When you retype the data, keep every line exactly as it appears.

Stored data:
---------------
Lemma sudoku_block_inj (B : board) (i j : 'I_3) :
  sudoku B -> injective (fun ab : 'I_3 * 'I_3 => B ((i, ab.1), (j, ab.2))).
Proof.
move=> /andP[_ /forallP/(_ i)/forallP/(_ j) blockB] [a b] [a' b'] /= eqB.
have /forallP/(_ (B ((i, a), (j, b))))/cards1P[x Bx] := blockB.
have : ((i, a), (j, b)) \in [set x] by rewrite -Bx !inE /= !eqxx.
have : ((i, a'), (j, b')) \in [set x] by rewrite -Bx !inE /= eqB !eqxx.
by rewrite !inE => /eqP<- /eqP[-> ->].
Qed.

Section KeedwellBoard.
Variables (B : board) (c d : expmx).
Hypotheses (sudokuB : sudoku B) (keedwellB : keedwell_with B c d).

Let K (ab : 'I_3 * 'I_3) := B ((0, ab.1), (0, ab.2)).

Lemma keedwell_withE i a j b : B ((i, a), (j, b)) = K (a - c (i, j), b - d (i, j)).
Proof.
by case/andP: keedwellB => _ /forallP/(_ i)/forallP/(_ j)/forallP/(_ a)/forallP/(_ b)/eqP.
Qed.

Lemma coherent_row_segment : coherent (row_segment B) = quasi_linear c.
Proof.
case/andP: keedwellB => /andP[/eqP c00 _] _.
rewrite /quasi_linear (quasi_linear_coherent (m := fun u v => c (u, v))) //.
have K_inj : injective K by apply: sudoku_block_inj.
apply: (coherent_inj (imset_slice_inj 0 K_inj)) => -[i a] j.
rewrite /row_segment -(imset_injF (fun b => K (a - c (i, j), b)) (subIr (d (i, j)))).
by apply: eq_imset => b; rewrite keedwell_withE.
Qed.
---------------
- [Answer to this exercise]:
Lemma sudoku_block_inj (B : board) (i j : 'I_3) :
  sudoku B -> injective (fun ab : 'I_3 * 'I_3 => B ((i, ab.1), (j, ab.2))).
Proof.
move=> /andP[_ /forallP/(_ i)/forallP/(_ j) blockB] [a b] [a' b'] /= eqB.
have /forallP/(_ (B ((i, a), (j, b))))/cards1P[x Bx] := blockB.
have : ((i, a), (j, b)) \in [set x] by rewrite -Bx !inE /= !eqxx.
have : ((i, a'), (j, b')) \in [set x] by rewrite -Bx !inE /= eqB !eqxx.
by rewrite !inE => /eqP<- /eqP[-> ->].
Qed.

Section KeedwellBoard.
Variables (B : board) (c d : expmx).
Hypotheses (sudokuB : sudoku B) (keedwellB : keedwell_with B c d).

Let K (ab : 'I_3 * 'I_3) := B ((0, ab.1), (0, ab.2)).

Lemma keedwell_withE i a j b : B ((i, a), (j, b)) = K (a - c (i, j), b - d (i, j)).
Proof.
by case/andP: keedwellB => _ /forallP/(_ i)/forallP/(_ j)/forallP/(_ a)/forallP/(_ b)/eqP.
Qed.

Lemma coherent_row_segment : coherent (row_segment B) = quasi_linear c.
Proof.
case/andP: keedwellB => /andP[/eqP c00 _] _.
rewrite /quasi_linear (quasi_linear_coherent (m := fun u v => c (u, v))) //.
have K_inj : injective K by apply: sudoku_block_inj.
apply: (coherent_inj (imset_slice_inj 0 K_inj)) => -[i a] j.
rewrite /row_segment -(imset_injF (fun b => K (a - c (i, j), b)) (subIr (d (i, j)))).
by apply: eq_imset => b; rewrite keedwell_withE.
Qed.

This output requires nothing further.